— What you have to do —
Using the listing below, print exactly everything from the line with "comp : forall A B C, hom" down to the line with "tensm : forall", both included, and nothing more.
§ §
(* Let $T$ be a complete theory and let $\varphi(\overline{x})$ be a $T$-formula having only finitely many solutions (in a model of $T$). Then $\varphi(\overline{x})$ is unary-tizable.
   Context: An expansion of a complete theory $T$ is a complete theory $T'$ in a language containing that of $T$ with $T\subseteq T'$. A $T$-formula $\varphi(\overline{x})$ is $n$-aritizable if $T$ has an expansion $T'$ such that $\varphi(\overline{x})$ is $T'$-equivalent to a Boolean combination of $T'$-formulas with $n$ free variables. Unary-tizable means $1$-aritizable. *)

From mathcomp Require Import all_boot.
From Stdlib Require List.
Set Implicit Arguments. Unset Strict Implicit. Unset Printing Implicit Defensive.

Record signature := Signature {
  Fsym : Type; Far : Fsym -> nat;
  Rsym : Type; Rar : Rsym -> nat }.

Section Syntax.
Variable L : signature.

Inductive term : Type :=
| Var : nat -> term
| App : forall f : Fsym L, ('I_(Far f) -> term) -> term.

Inductive formula : Type :=
| FFalse : formula
| FEq : term -> term -> formula
| FRel : forall r : Rsym L, ('I_(Rar r) -> term) -> formula
| FNot : formula -> formula
| FAnd : formula -> formula -> formula
| FOr : formula -> formula -> formula
| FImp : formula -> formula -> formula
| FAll : nat -> formula -> formula
| FEx : nat -> formula -> formula.

Fixpoint occurs (x : nat) (t : term) : Prop :=
  match t with
  | Var y => x = y
  | App f args => exists i, occurs x (args i)
  end.

Fixpoint free (x : nat) (p : formula) : Prop :=
  match p with
  | FFalse => False
  | FEq t u => occurs x t \/ occurs x u
  | FRel r args => exists i, occurs x (args i)
  | FNot q => free x q
  | FAnd q s | FOr q s | FImp q s => free x q \/ free x s
  | FAll y q | FEx y q => x <> y /\ free x q
  end.

Definition sentence (p : formula) : Prop := forall x, ~ free x p.

Definition at_most_free (n : nat) (p : formula) : Prop :=
  exists s : seq nat, size s <= n /\ forall x, free x p -> x \in s.

Inductive boolcomb (B : formula -> Prop) : formula -> Prop :=
| bc_base p : B p -> boolcomb B p
| bc_false : boolcomb B FFalse
| bc_not p : boolcomb B p -> boolcomb B (FNot p)
| bc_and p q : boolcomb B p -> boolcomb B q -> boolcomb B (FAnd p q)
| bc_or p q : boolcomb B p -> boolcomb B q -> boolcomb B (FOr p q)
| bc_imp p q : boolcomb B p -> boolcomb B q -> boolcomb B (FImp p q).

End Syntax.

(* Structures (with nonempty universe). *)
Record structure (L : signature) := Structure {
  carrier :> Type;
  point : carrier;
  funs : forall f : Fsym L, ('I_(Far f) -> carrier) -> carrier;
  rels : forall r : Rsym L, ('I_(Rar r) -> carrier) -> Prop }.

Section Semantics.
Variables (L : signature) (M : structure L).

Fixpoint eval (e : nat -> M) (t : term L) : M :=
  match t with
  | Var x => e x
  | App f args => @funs L M f (fun i => eval e (args i))
  end.

Definition upd (e : nat -> M) (x : nat) (a : M) : nat -> M :=
  fun y => if y == x then a else e y.

Fixpoint sat (e : nat -> M) (p : formula L) : Prop :=
  match p with
  | FFalse => False
  | FEq t u => eval e t = eval e u
  | FRel r args => @rels L M r (fun i => eval e (args i))
  | FNot q => ~ sat e q
  | FAnd q s => sat e q /\ sat e s
  | FOr q s => sat e q \/ sat e s
  | FImp q s => sat e q -> sat e s
  | FAll x q => forall a : M, sat (upd e x a) q
  | FEx x q => exists a : M, sat (upd e x a) q
  end.

Definition holds (p : formula L) : Prop := forall e, sat e p.

End Semantics.

Definition theory (L : signature) := formula L -> Prop.

Definition is_model (L : signature) (T : theory L) (M : structure L) : Prop :=
  forall s, T s -> holds M s.

Definition entails (L : signature) (T : theory L) (p : formula L) : Prop :=
  forall M : structure L, is_model T M -> holds M p.

Definition complete_theory (L : signature) (T : theory L) : Prop :=
  [/\ forall s, T s -> sentence s,
      exists M : structure L, is_model T M
    & forall s, sentence s -> entails T s \/ entails T (FNot s)].

Definition sig_expand (L E : signature) : signature :=
  {| Fsym := (Fsym L + Fsym E)%type;
     Far := fun s => match s with inl f => Far f | inr g => Far g end;
     Rsym := (Rsym L + Rsym E)%type;
     Rar := fun s => match s with inl r => Rar r | inr q => Rar q end |}.

Section Lift.
Variables L E : signature.

Fixpoint lift_term (t : term L) : term (sig_expand L E) :=
  match t with
  | Var x => Var _ x
  | App f args => @App (sig_expand L E) (inl f) (fun i => lift_term (args i))
  end.

Fixpoint lift (p : formula L) : formula (sig_expand L E) :=
  match p with
  | FFalse => FFalse _
  | FEq t u => FEq (lift_term t) (lift_term u)
  | FRel r args => @FRel (sig_expand L E) (inl r) (fun i => lift_term (args i))
  | FNot q => FNot (lift q)
  | FAnd q s => FAnd (lift q) (lift s)
  | FOr q s => FOr (lift q) (lift s)
  | FImp q s => FImp (lift q) (lift s)
  | FAll x q => FAll x (lift q)
  | FEx x q => FEx x (lift q)
  end.
End Lift.

Definition expansion (L E : signature) (T : theory L) (T' : theory (sig_expand L E)) :=
  complete_theory T' /\ forall s, T s -> T' (lift E s).

Definition aritizable (n : nat) (L : signature) (T : theory L) (phi : formula L) : Prop :=
  exists (E : signature) (T' : theory (sig_expand L E)),
    expansion T T' /\
    exists psi, boolcomb (at_most_free n) psi /\
      forall N : structure (sig_expand L E), is_model T' N ->
        forall e, @sat _ N e (lift E phi) <-> @sat _ N e psi.

Definition unary_tizable (L : signature) (T : theory L) (phi : formula L) : Prop :=
  aritizable 1 T phi.

(* Assignment induced by a k-tuple (variables >= k sent to the base point). *)
Definition env_of (L : signature) (M : structure L) (k : nat) (a : 'I_k -> M) : nat -> M :=
  fun x => match insub x with Some i => a i | None => point M end.

Definition finitely_many_solutions (L : signature) (M : structure L) (k : nat)
    (phi : formula L) : Prop :=
  exists l : list ('I_k -> M), forall a : 'I_k -> M,
    @sat _ M (env_of a) phi -> List.In a l.

(* Expand the language by a constant c_m for every element m of a model M in
   which phi has finitely many solutions, and take T' to be the complete theory
   of this expansion of M.  In M, phi(x_0, ..., x_{k-1}) is equivalent to the
   disjunction, over its solutions a, of the conjunctions of the unary formulas
   x_j = c_{a_j}.  The universal closure of that equivalence is a sentence true
   in the expansion, hence a member of T', so it holds in every model of T'. *)

From Pilot Require Import Defs.
From mathcomp Require Import all_boot.
From Stdlib Require Import FunctionalExtensionality Classical.
Set Implicit Arguments. Unset Strict Implicit.

Section Coincidence.
Variables (L : signature) (N : structure L).

Lemma eval_agree (e e' : nat -> N) (t : term L) :
  (forall x, occurs x t -> e x = e' x) -> eval e t = eval e' t.
Proof.
elim: t => [y|f args IH] /= agree; first exact: agree.
by congr funs; apply: functional_extensionality => i; apply: IH => x hx; apply: agree; exists i.
Qed.
Record MarkovCat := {
  ob : Type;
  hom : ob -> ob -> Type;
  idm : forall A, hom A A;
  comp : forall A B C, hom B C -> hom A B -> hom A C;
  comp_idl : forall A B (f : hom A B), comp (idm B) f = f;
  comp_idr : forall A B (f : hom A B), comp f (idm A) = f;
  comp_assoc : forall A B C D (h : hom C D) (g : hom B C) (f : hom A B),
      comp h (comp g f) = comp (comp h g) f;

  tens : ob -> ob -> ob;
  tensm : forall A B C D, hom A B -> hom C D -> hom (tens A C) (tens B D);
  tensm_id : forall A B, tensm (idm A) (idm B) = idm (tens A B);
  tensm_comp : forall A B C A' B' C' (g : hom B C) (f : hom A B)
      (g' : hom B' C') (f' : hom A' B'),
      tensm (comp g f) (comp g' f') = comp (tensm g g') (tensm f f');
  unit : ob;

  assoc : forall A B C, hom (tens (tens A B) C) (tens A (tens B C));
  assoc_inv : forall A B C, hom (tens A (tens B C)) (tens (tens A B) C);
  assoc_inv_l : forall A B C, comp (assoc_inv A B C) (assoc A B C) = idm _;
  assoc_inv_r : forall A B C, comp (assoc A B C) (assoc_inv A B C) = idm _;
  lunit : forall A, hom (tens unit A) A;
  lunit_inv : forall A, hom A (tens unit A);
  lunit_inv_l : forall A, comp (lunit_inv A) (lunit A) = idm _;
  lunit_inv_r : forall A, comp (lunit A) (lunit_inv A) = idm _;
  runit : forall A, hom (tens A unit) A;
  runit_inv : forall A, hom A (tens A unit);
  runit_inv_l : forall A, comp (runit_inv A) (runit A) = idm _;
  runit_inv_r : forall A, comp (runit A) (runit_inv A) = idm _;
  braid : forall A B, hom (tens A B) (tens B A);

  assoc_nat : forall A A' B B' C C' (f : hom A A') (g : hom B B') (h : hom C C'),
      comp (assoc A' B' C') (tensm (tensm f g) h)
      = comp (tensm f (tensm g h)) (assoc A B C);
  lunit_nat : forall A B (f : hom A B),
      comp (lunit B) (tensm (idm unit) f) = comp f (lunit A);
  runit_nat : forall A B (f : hom A B),
      comp (runit B) (tensm f (idm unit)) = comp f (runit A);
  braid_nat : forall A A' B B' (f : hom A A') (g : hom B B'),
      comp (braid A' B') (tensm f g) = comp (tensm g f) (braid A B);

  pentagon : forall A B C D,
      comp (assoc A B (tens C D)) (assoc (tens A B) C D)
      = comp (tensm (idm A) (assoc B C D))
          (comp (assoc A (tens B C) D) (tensm (assoc A B C) (idm D)));
  triangle : forall A B,
      comp (tensm (idm A) (lunit B)) (assoc A unit B)
      = tensm (runit A) (idm B);
  hexagon : forall A B C,
      comp (assoc B C A) (comp (braid A (tens B C)) (assoc A B C))
      = comp (tensm (idm B) (braid A C))
          (comp (assoc B A C) (tensm (braid A B) (idm C)));
  braid_sym : forall A B, comp (braid B A) (braid A B) = idm (tens A B);

  copy : forall X, hom X (tens X X);
  del : forall X, hom X unit;
  copy_counit_l : forall X,
      comp (lunit X) (comp (tensm (del X) (idm X)) (copy X)) = idm X;
  copy_counit_r : forall X,
      comp (runit X) (comp (tensm (idm X) (del X)) (copy X)) = idm X;
  copy_coassoc : forall X,
      comp (assoc X X X) (comp (tensm (copy X) (idm X)) (copy X))
      = comp (tensm (idm X) (copy X)) (copy X);
  copy_comm : forall X, comp (braid X X) (copy X) = copy X;

  copy_tens : forall X Y,
      copy (tens X Y)
      = comp (assoc_inv X Y (tens X Y))
        (comp (tensm (idm X) (assoc Y X Y))
        (comp (tensm (idm X) (tensm (braid X Y) (idm Y)))
        (comp (tensm (idm X) (assoc_inv X Y Y))
        (comp (assoc X X (tens Y Y))
              (tensm (copy X) (copy Y))))));
  del_tens : forall X Y,
      del (tens X Y) = comp (lunit unit) (tensm (del X) (del Y));
  copy_unit : copy unit = lunit_inv unit;
  del_unit : del unit = idm unit;

  del_unique : forall X (f : hom X unit), f = del X
}.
§ §
— Response below —
  comp : forall A B C, hom B C -> hom A B -> hom A C;
  comp_idl : forall A B (f : hom A B), comp (idm B) f = f;
  comp_idr : forall A B (f : hom A B), comp f (idm A) = f;
  comp_assoc : forall A B C D (h : hom C D) (g : hom B C) (f : hom A B),
      comp h (comp g f) = comp (comp h g) f;

  tens : ob -> ob -> ob;
  tensm : forall A B C D, hom A B -> hom C D -> hom (tens A C) (tens B D);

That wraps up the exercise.